Brittle was convicted of a third-offense petit larceny. The first two offenses are misdemeanors, but by the time you get to #3, youre up in the land of felonies. At trial, the prosecutor offered certified copies of not two but three priors; one in 2005 and the other two from 1997. The two copies from 97 were demonstrably inadmissible because of minor but fatal defects (such as the absence of the judges signature on one of the copies), but Brittles trial lawyer evidently neglected to object. At the close of the evidence, the same lawyer challenged the sufficiency, but made no mention of the infirmities in the copies.
And that, my loyal readers, is a waiver. As we all know, in order to preserve an issue like that for appellate review, it must be timely raised in the trial court, and the trial lawyer didnt do that. Now, on to that ends-of-justice exception.
This is a very important opinion for appellate lawyers, in that it contains a detailed explication of the ends-of-justice exception in criminal cases. The court notes that there are two components to the rule that the trial court made an error, and that a grave or manifest injustice will occur or the appellant will be denied essential rights.
That language isnt exactly a detailed recipe for easy legal analysis, but it does illustrate one point well: There has to be more than simply a demonstrable error below. Otherwise, every appeal would permit invocation of the exception, and there would be nothing left of the contemporaneous objection rule.
The court examines prior caselaw on this exception, and comes up with several helpful criteria. The appellant has to prove more than just that the prosecution failed to prove an element of the offense. Manifest injustice includes convicting someone of conduct that isnt an offense at all; it also includes a case in which the trial court instructed the jury on three of the necessary elements of the offense, but not the fourth. This is a different animal from the usual sufficiency analysis; the court is looking for things like evidence of actual innocence in the record. Under such circumstances, an appellant might expect a review on the merits of his otherwise-defaulted arguments.
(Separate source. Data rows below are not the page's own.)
Section Congruence.
Variables (T : Type) (B : brace T) (J : T -> Prop).
Hypothesis hJ : is_ideal B J.
Local Notation "0" := (bzero B).
Local Notation "a + b" := (badd B a b).
Local Notation "- a" := (bopp B a).
Local Notation "a * b" := (bmul B a b).
Local Notation "a ^-1" := (binv B a).
Local Notation lam := (blambda B).
Local Notation "u ≡ v" := (eqmod B J u v) (at level 70).

Lemma eqmod0 u : u ≡ 0 <-> J u.
Proof.
rewrite /eqmod badd0r; split=> [/(idealN hJ)|/(idealN hJ)] //.
by rewrite boppK.
Qed.

#[local] Instance eqmod_equiv : Equivalence (eqmod B J).
Proof.
split=> [u|u v|u v w].
- by rewrite /eqmod baddNl; apply: (ideal0 hJ).
- by rewrite /eqmod => /(idealN hJ); rewrite boppD boppK.
- by rewrite /eqmod => Juv Jvw; rewrite -(baddNKl B v w) baddA; apply: (idealD hJ).
Qed.

#[local] Hint Extern 0 (eqmod _ _ _ _) => reflexivity : core.

#[local] Instance badd_eqmod : Proper (eqmod B J ==> eqmod B J ==> eqmod B J) (badd B).
Proof.
rewrite /eqmod => u u' Ju v v' Jv.
have -> : - (u + v) + (u' + v') = (- v + (- u + u') + - - v) + (- v + v').
  by rewrite boppK boppD !baddA baddKr.
by apply: (idealD hJ) => //; apply: (ideal_addJ hJ).
Qed.

#[local] Instance bopp_eqmod : Proper (eqmod B J ==> eqmod B J) (bopp B).
Proof.
rewrite /eqmod => u u' Ju.
have -> : - - u + - u' = u + - (- u + u') + - u by rewrite boppD boppK !baddA baddKr.
by apply: (ideal_addJ hJ); apply: (idealN hJ).
Qed.

Lemma eqmod_mulE u v : u ≡ v <-> J (u^-1 * v).
Proof.
have -> : u^-1 * v = lam u^-1 (- u + v).
  by rewrite blambdaD blambdaN /blambda bmulVl bone0 badd0r boppK baddNKl.
split; first exact: (ideal_lambda hJ).
by rewrite /eqmod -{2}(blambdaKV B u (- u + v)); apply: (ideal_lambda hJ).
Qed.

#[local] Instance bmul_eqmod : Proper (eqmod B J ==> eqmod B J ==> eqmod B J) (bmul B).
Proof.
move=> u u' + v v'; rewrite !eqmod_mulE => Ju Jv.
have -> : (u * v)^-1 * (u' * v') = v^-1 * (u^-1 * u') * (v^-1)^-1 * (v^-1 * v').
  by rewrite binvK binvM !bmulA bmulKr.
by apply: (idealM hJ) => //; apply: (ideal_mulJ hJ).
Qed.

#[local] Instance blambda_eqmod : Proper (eqmod B J ==> eqmod B J ==> eqmod B J) lam.
Proof. by move=> u u' Ju v v' Jv; rewrite /blambda Ju Jv. Qed.

#[local] Instance bzmul_eqmod k : Proper (eqmod B J ==> eqmod B J) (bzmul B k).
Proof.
move=> u v Juv.
have iterE n : iter n (fun y => u + y) 0 ≡ iter n (fun y => v + y) 0.
  by elim: n => //= n IH; rewrite IH Juv.
by case: k => n /=; rewrite iterE ?Juv.
Qed.

(* [f] enumerates K/J and [idx] inverts it, so this is Lagrange's theorem for
   the image [Hbar] of the subgroup H in K/J. *)
Section PrimeQuotient.
Variables (K H : T -> Prop) (p : nat) (f : 'I_p -> T) (idx : T -> 'I_p).
Hypothesis hK : is_ideal B K.
Hypotheses (Kf : forall j, K (f j)) (f_inj : forall j j', f j ≡ f j' -> j = j').
Hypothesis idxP : forall x, K x -> x ≡ f (idx x).
Hypotheses (HD : forall a b, H a -> H b -> H (a + b)) (HN : forall a, H a -> H (- a)).
Hypothesis HJ : forall a, J a -> H a.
That doesnt happen here. The defects in the copies didnt render Brittle actually innocent. Indeed, there was other evidence, albeit indirect, in the record to support those convictions. (In the 2005 conviction, Brittles pleaded guilty to second-offense larceny. That wouldnt cut it in a sufficiency analysis, but in this context, it helps to defeat Brittles claim, since its a judicial admission that he has a prior conviction.) In the end, the court declines to apply the exception, and affirms the conviction because Brittles objections to the conviction records have been (cue the ominous music) procedurally defaulted.